:: Problem to solve ::
What appears from the first line of the data below through the line containing "(** Under EndPoint", both included, should be copied exactly, and nothing else.
*** Available data Section Begins ***
(* The EndPoint mechanism $2$-approximates the optimal Nash welfare.
   Context: Two facilities are located on $[0,1]$; $n\ge1$ agents (any $n$) have locations $x_1\le\dots\le x_n$ in $[0,1]$. For facilities at $y_1,y_2$, agent $i$'s utility is $u_i=1-\min(|x_i-y_1|,|x_i-y_2|)$; the Nash welfare is $\left(\prod_i u_i\right)^{1/n}$. The EndPoint mechanism places one facility at $x_1$ and the other at $x_n$. For a mechanism $M$, the approximation ratio of the Nash welfare is the supremum over all profiles $x$ (all numbers of agents) of $\mathrm{OPT}(x)/\mathrm{NW}(M(x))$, where $\mathrm{OPT}(x)$ is the maximum Nash welfare over all placements of two facilities in $[0,1]$; $M$ ''$\alpha$-approximates'' if this ratio equals $\alpha$. *)

From HB Require Import structures.
From mathcomp Require Import all_boot all_order all_algebra.
From mathcomp Require Import all_classical all_reals exp.
Set Implicit Arguments. Unset Strict Implicit. Unset Printing Implicit Defensive.
Import Order.TTheory GRing.Theory Num.Theory.
Local Open Scope ring_scope.
Local Open Scope classical_set_scope.

Section Defs.
Variable R : realType.

Definition util (xi y1 y2 : R) : R := 1 - Num.min `|xi - y1| `|xi - y2|.

Definition nash_welfare (n : nat) (x : 'I_n.+1 -> R) (y1 y2 : R) : R :=
  (\prod_(i < n.+1) util (x i) y1 y2) `^ ((n.+1)%:R^-1).

Definition valid_profile (n : nat) (x : 'I_n.+1 -> R) : Prop :=
  (forall i, 0 <= x i <= 1) /\ (forall i j : 'I_n.+1, (i <= j)%N -> x i <= x j).

Definition OPT (n : nat) (x : 'I_n.+1 -> R) : R :=
  sup [set w | exists y1 y2 : R, 0 <= y1 <= 1 /\ 0 <= y2 <= 1 /\
                                 w = nash_welfare x y1 y2].

Definition mechanism := forall n : nat, ('I_n.+1 -> R) -> R * R.

Definition EndPoint : mechanism := fun n x => (x ord0, x ord_max).

Definition approx_ratio (M : mechanism) : R :=
  sup [set r | exists (n : nat) (x : 'I_n.+1 -> R), valid_profile x /\
               r = OPT x / nash_welfare x (M n x).1 (M n x).2].

End Defs.

(** Under EndPoint every agent lies between the two facilities, which are at
   most 1 apart, so every utility is at least 1/2: the EndPoint welfare is at
   least 1/2 while no welfare exceeds 1, and the ratio is at most 2.
   Conversely, put one agent at 0, one at 1 and k+1 agents at 1/2.  EndPoint
   has welfare (1/2)^((k+1)/(k+3)), while facilities at 1/2 and 1 achieve
   (1/2)^(1/(k+3)); the ratio 2^(k/(k+3)) tends to 2. *)
From mathcomp Require Import all_boot all_order all_algebra.
From mathcomp Require Import all_classical all_reals exp.
From mathcomp Require Import lra.

Set Implicit Arguments.
Unset Strict Implicit.
Unset Printing Implicit Defensive.
Import Order.TTheory GRing.Theory Num.Theory.
Local Open Scope ring_scope.
Local Open Scope classical_set_scope.

Lemma bernoulli_ineq (R : realDomainType) (d : R) (k : nat) :
  -1 <= d -> 1 + k%:R * d <= (1 + d) ^+ k.
Proof.
move=> d_ge; elim: k => [|k IH]; first by rewrite mul0r addr0 expr0.
have k_ge0 : 0 <= k%:R :> R by rewrite ler0n.
rewrite exprS -nat1r; nra.
Qed.

Lemma ler_of_exprn_bound (R : archiRealFieldType) (a s : R) (c : nat) :
  0 < a -> 0 <= s -> (forall k, a ^+ k <= s ^+ (k + c)) -> a <= s.
Proof.
move=> a_gt0 s_ge0 bound; rewrite leNgt; apply/negP => s_lt_a.
have s_gt0 : 0 < s.
  rewrite lt0r s_ge0 andbT; apply/eqP => s0.
  by move: (bound 1%N); rewrite s0 expr1 expr0n /=; lra.
(* By Bernoulli, (a / s) ^+ k grows at least linearly, yet stays below s ^+ c. *)
pose d := a / s - 1.
have d_gt0 : 0 < d by rewrite subr_gt0 ltr_pdivlMr // mul1r.
have a_eq : a = s * (1 + d) by rewrite addrC subrK mulrC divfK // gt_eqF.
pose k := Num.bound (s ^+ c / d).
have k_big : s ^+ c < k%:R * d by rewrite -ltr_pdivrMr // archi_boundP // divr_ge0 ?exprn_ge0 // ltW.
have : (1 + d) ^+ k <= s ^+ c.
  by rewrite -(ler_pM2l (exprn_gt0 k s_gt0)) -exprMn -a_eq -exprD bound.
have := @bernoulli_ineq _ d k (ltW (lt_trans (ltrN10 R) d_gt0)); lra.
Qed.

Lemma prod_ord_inner_const (S : comPzRingType) k (F : 'I_k.+3 -> S) c :
  (forall j : 'I_k.+3, (0 < j)%N -> (j < k.+2)%N -> F j = c) ->
  \prod_(i < k.+3) F i = F ord0 * c ^+ k.+1 * F ord_max.
Proof.
move=> F_inner; rewrite big_ord_recl big_ord_recr /= -mulrA.
congr (_ * (_ * _)); last by congr F; apply: val_inj.
rewrite -[in RHS](card_ord k.+1) -prodr_const; apply: eq_bigr => i _.
by apply: F_inner; rewrite /= /bump add1n // ltnS ltn_ord.
Qed.

Section NashWelfare.
Variable R : realType.
Implicit Types (a y : R) (n : nat).

Lemma util_le1 a y1 y2 : util a y1 y2 <= 1.
Proof. by rewrite /util lerBlDr lerDl le_min !normr_ge0. Qed.

Lemma util_ge0 a y1 y2 : 0 <= a <= 1 -> 0 <= y1 <= 1 -> 0 <= util a y1 y2.
Proof.
move=> /andP[a_ge0 a_le1] /andP[y1_ge0 y1_le1].
rewrite /util subr_ge0 ge_min ler_norml; apply/orP; left; apply/andP; split; lra.
Qed.

Lemma util_between a y1 y2 : y1 <= a <= y2 -> y2 - y1 <= 1 -> 2^-1 <= util a y1 y2.
Proof.
move=> /andP[le_y1a le_ay2] gap; rewrite /util (ger0_norm (x := a - y1)); last lra.
rewrite (ler0_norm (x := a - y2)); last lra.
suff : Num.min (a - y1) (- (a - y2)) <= 2^-1 by lra.
by rewrite ge_min; case: (lerP (a - y1) 2^-1) => h; apply/orP; [left | right; lra].
Qed.

Lemma util_at_first a y : util a a y = 1.
Proof. by rewrite /util subrr normr0 min_l ?normr_ge0 // subr0. Qed.

Lemma util_at_second a y : util a y a = 1.
Proof. by rewrite /util subrr normr0 min_r ?normr_ge0 // subr0. Qed.

Lemma expr_powR_invn (p : R) n : 0 <= p -> (p `^ (n.+1%:R^-1)) ^+ n.+1 = p.
Proof.
by move=> p_ge0; rewrite -powR_mulrn ?powR_ge0 // -powRrM mulVf ?powRr1 ?pnatr_eq0.
Qed.

Section Profile.
Variables (n : nat) (x : 'I_n.+1 -> R).
Hypothesis x01 : forall i, 0 <= x i <= 1.

Lemma nash_welfareXn y1 y2 : 0 <= y1 <= 1 ->
  nash_welfare x y1 y2 ^+ n.+1 = \prod_(i < n.+1) util (x i) y1 y2.
Proof.
move=> y1_01; apply: expr_powR_invn.
by apply: prodr_ge0 => i _; apply: util_ge0.
Qed.

Lemma nash_welfare_le1 y1 y2 : 0 <= y1 <= 1 -> nash_welfare x y1 y2 <= 1.
Proof.
move=> y1_01; rewrite -(@ler_pXn2r _ n.+1) ?nnegrE ?powR_ge0 // expr1n.
rewrite nash_welfareXn //; apply: prodr_ile1 => i _.
by rewrite util_ge0 ?util_le1.
Qed.

Let welfares := [set w | exists y1 y2 : R, 0 <= y1 <= 1 /\ 0 <= y2 <= 1 /\
                                          w = nash_welfare x y1 y2].

Lemma has_sup_welfares : has_sup welfares.
Proof.
have I01 : 0 <= (0 : R) <= 1 by rewrite lexx ler01.
split; first by exists (nash_welfare x 0 0), 0, 0.
by exists 1 => _ [y1 [y2 [y1_01 [_ ->]]]]; apply: nash_welfare_le1.
Qed.

Lemma nash_welfare_le_OPT y1 y2 : 0 <= y1 <= 1 -> 0 <= y2 <= 1 ->
  nash_welfare x y1 y2 <= OPT x.
Proof. by move=> y1_01 y2_01; apply: (sup_upper_bound has_sup_welfares); exists y1, y2. Qed.

Lemma OPT_ge0 : 0 <= OPT x.
Proof.
have I01 : 0 <= (0 : R) <= 1 by rewrite lexx ler01.
exact: le_trans (powR_ge0 _ _) (nash_welfare_le_OPT I01 I01).
Qed.

Lemma OPT_le1 : OPT x <= 1.
Proof.
apply: ge_sup; first by case: has_sup_welfares.
by move=> _ [y1 [y2 [y1_01 [_ ->]]]]; apply: nash_welfare_le1.
Qed.

End Profile.

Lemma EndPoint_welfare_ge_half n (x : 'I_n.+1 -> R) : valid_profile x ->
  2^-1 <= nash_welfare x (x ord0) (x ord_max).
Proof.
move=> [x01 x_sorted].
rewrite -(@ler_pXn2r _ n.+1) ?nnegrE ?powR_ge0 ?invr_ge0 // nash_welfareXn //.
rewrite -[n.+1 in X in X <= _]card_ord -prodr_const.
apply: ler_prod => i _; rewrite invr_ge0 ler0n util_between //.
  by rewrite !x_sorted // -ltnS.
by move: (x01 ord0) (x01 ord_max) => /andP[? ?] /andP[? ?]; lra.
Qed.

Definition EndPoint_ratio n (x : 'I_n.+1 -> R) : R :=
  OPT x / nash_welfare x (x ord0) (x ord_max).

Lemma EndPoint_ratio_ge0 n (x : 'I_n.+1 -> R) : valid_profile x -> 0 <= EndPoint_ratio x.
Proof. by move=> [x01 _]; rewrite divr_ge0 ?powR_ge0 ?OPT_ge0. Qed.

Lemma EndPoint_ratio_le2 n (x : 'I_n.+1 -> R) : valid_profile x -> EndPoint_ratio x <= 2.
Proof.
move=> xv; have half_le := EndPoint_welfare_ge_half xv.
rewrite ler_pdivrMr; last by apply: lt_le_trans half_le; lra.
have := OPT_le1 xv.1; lra.
Qed.

Section MiddleProfile.
Variable k : nat.
Implicit Types i j : 'I_k.+3.

Definition middle_profile : 'I_k.+3 -> R :=
  fun i => if val i == 0%N then 0 else if val i == k.+2 then 1 else 2^-1.

Lemma middle_profile_first i : val i = 0%N -> middle_profile i = 0.
Proof. by rewrite /middle_profile => ->. Qed.

Lemma middle_profile_last i : val i = k.+2 -> middle_profile i = 1.
Proof. by rewrite /middle_profile => ->; rewrite eqxx. Qed.

Lemma middle_profile_inner i : (0 < i)%N -> (i < k.+2)%N -> middle_profile i = 2^-1.
Proof. by move=> i_gt0 i_lt; rewrite /middle_profile gtn_eqF // ltn_eqF. Qed.

Lemma middle_profile_01 i : 0 <= middle_profile i <= 1.
Proof. by rewrite /middle_profile; case: ifP => _; [|case: ifP => _]; apply/andP; split; lra. Qed.

Lemma middle_profile_valid : valid_profile middle_profile.
Proof.
split; first exact: middle_profile_01.
move=> i j le_ij; have [i0|i_gt0] := posnP i.
  by rewrite (middle_profile_first i0); case/andP: (middle_profile_01 j).
have [j_lt|j_ge] := ltnP j k.+2; last first.
  have j_last : val j = k.+2 by apply/eqP; rewrite eqn_leq j_ge andbT -ltnS ltn_ord.
  by rewrite (middle_profile_last j_last); case/andP: (middle_profile_01 i).
rewrite (middle_profile_inner i_gt0 (leq_ltn_trans le_ij j_lt)).
by rewrite (middle_profile_inner (leq_trans i_gt0 le_ij) j_lt).
Qed.

Lemma middle_profile_EndPoint_prod :
  \prod_(i < k.+3) util (middle_profile i) (middle_profile ord0) (middle_profile ord_max)
  = 2^-1 ^+ k.+1.
Proof.
rewrite middle_profile_first // middle_profile_last // (@prod_ord_inner_const _ _ _ 2^-1).
  by rewrite middle_profile_first // middle_profile_last // util_at_first util_at_second mul1r mulr1.
move=> j j_gt0 j_lt; rewrite middle_profile_inner // /util subr0.
by rewrite ger0_norm ?ler0_norm ?min_l; lra.
Qed.

Lemma middle_profile_inner_prod :
  \prod_(i < k.+3) util (middle_profile i) 2^-1 1 = 2^-1.
Proof.
rewrite (@prod_ord_inner_const _ _ _ 1).
  rewrite middle_profile_first // middle_profile_last // util_at_second expr1n !mulr1.
  by rewrite /util !sub0r !normrN !ger0_norm ?min_l; lra.
by move=> j j_gt0 j_lt; rewrite middle_profile_inner // util_at_first.
Qed.

Lemma middle_profile_ratio : 2 ^+ k <= EndPoint_ratio middle_profile ^+ k.+3.
Proof.
have [x01 _] := middle_profile_valid.
rewrite /EndPoint_ratio; set A := nash_welfare middle_profile 2^-1 1.
set B := nash_welfare _ (middle_profile ord0) _.
have B_gt0 : 0 < B by apply: lt_le_trans (EndPoint_welfare_ge_half middle_profile_valid); lra.
have half01 : 0 <= (2^-1 : R) <= 1 by apply/andP; split; lra.
have one01 : 0 <= (1 : R) <= 1 by rewrite ler01 lexx.
have AB_le : A / B <= OPT middle_profile / B.
  by rewrite ler_pM2r ?invr_gt0 //; apply: nash_welfare_le_OPT.
have AB_ge0 : 0 <= A / B by rewrite divr_ge0 ?powR_ge0 ?ltW.
apply: le_trans (_ : (A / B) ^+ k.+3 <= _); last first.
  by apply: lerXn2r; rewrite // nnegrE (le_trans AB_ge0).
rewrite expr_div_n !nash_welfareXn // middle_profile_EndPoint_prod middle_profile_inner_prod.
by rewrite exprVn invrK exprS mulrA mulVf ?mul1r ?pnatr_eq0.
Qed.

End MiddleProfile.

End NashWelfare.

Arguments middle_profile {R} k.

Theorem theorem14 (R : realType) : approx_ratio (@EndPoint R) = 2.
Proof.
rewrite /approx_ratio; set S := [set r | _].
have S_ratio n (x : 'I_n.+1 -> R) : valid_profile x -> S (EndPoint_ratio x).
  by move=> xv; exists n, x.
have S_ub : ubound S 2 by move=> _ [n [x [xv ->]]]; exact: EndPoint_ratio_le2.
have S_ne : S !=set0 by exists (EndPoint_ratio (middle_profile 0)); apply/S_ratio/middle_profile_valid.
have ratio_le_sup k : EndPoint_ratio (middle_profile k) <= sup S.
  by apply: sup_upper_bound; [split; last exists 2 | apply/S_ratio/middle_profile_valid].
have ratio_ge0 k : 0 <= EndPoint_ratio (middle_profile k) :> R.
  exact/EndPoint_ratio_ge0/middle_profile_valid.
apply/le_anti/andP; split; first exact: ge_sup.
apply: (@ler_of_exprn_bound _ _ _ 3); [lra | exact: le_trans (ratio_ge0 0%N) _ | move=> k].
rewrite addn3; apply: le_trans (middle_profile_ratio R k) _.
by apply: lerXn2r; rewrite // nnegrE (le_trans (ratio_ge0 k)).
Qed.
*** Available data Section Ends ***
:: Task answer ::
(* The EndPoint mechanism $2$-approximates the optimal Nash welfare.
   Context: Two facilities are located on $[0,1]$; $n\ge1$ agents (any $n$) have locations $x_1\le\dots\le x_n$ in $[0,1]$. For facilities at $y_1,y_2$, agent $i$'s utility is $u_i=1-\min(|x_i-y_1|,|x_i-y_2|)$; the Nash welfare is $\left(\prod_i u_i\right)^{1/n}$. The EndPoint mechanism places one facility at $x_1$ and the other at $x_n$. For a mechanism $M$, the approximation ratio of the Nash welfare is the supremum over all profiles $x$ (all numbers of agents) of $\mathrm{OPT}(x)/\mathrm{NW}(M(x))$, where $\mathrm{OPT}(x)$ is the maximum Nash welfare over all placements of two facilities in $[0,1]$; $M$ ''$\alpha$-approximates'' if this ratio equals $\alpha$. *)

From HB Require Import structures.
From mathcomp Require Import all_boot all_order all_algebra.
From mathcomp Require Import all_classical all_reals exp.
Set Implicit Arguments. Unset Strict Implicit. Unset Printing Implicit Defensive.
Import Order.TTheory GRing.Theory Num.Theory.
Local Open Scope ring_scope.
Local Open Scope classical_set_scope.

Section Defs.
Variable R : realType.

Definition util (xi y1 y2 : R) : R := 1 - Num.min `|xi - y1| `|xi - y2|.

Definition nash_welfare (n : nat) (x : 'I_n.+1 -> R) (y1 y2 : R) : R :=
  (\prod_(i < n.+1) util (x i) y1 y2) `^ ((n.+1)%:R^-1).

Definition valid_profile (n : nat) (x : 'I_n.+1 -> R) : Prop :=
  (forall i, 0 <= x i <= 1) /\ (forall i j : 'I_n.+1, (i <= j)%N -> x i <= x j).

Definition OPT (n : nat) (x : 'I_n.+1 -> R) : R :=
  sup [set w | exists y1 y2 : R, 0 <= y1 <= 1 /\ 0 <= y2 <= 1 /\
                                 w = nash_welfare x y1 y2].

Definition mechanism := forall n : nat, ('I_n.+1 -> R) -> R * R.

Definition EndPoint : mechanism := fun n x => (x ord0, x ord_max).

Definition approx_ratio (M : mechanism) : R :=
  sup [set r | exists (n : nat) (x : 'I_n.+1 -> R), valid_profile x /\
               r = OPT x / nash_welfare x (M n x).1 (M n x).2].

End Defs.

(** Under EndPoint every agent lies between the two facilities, which are at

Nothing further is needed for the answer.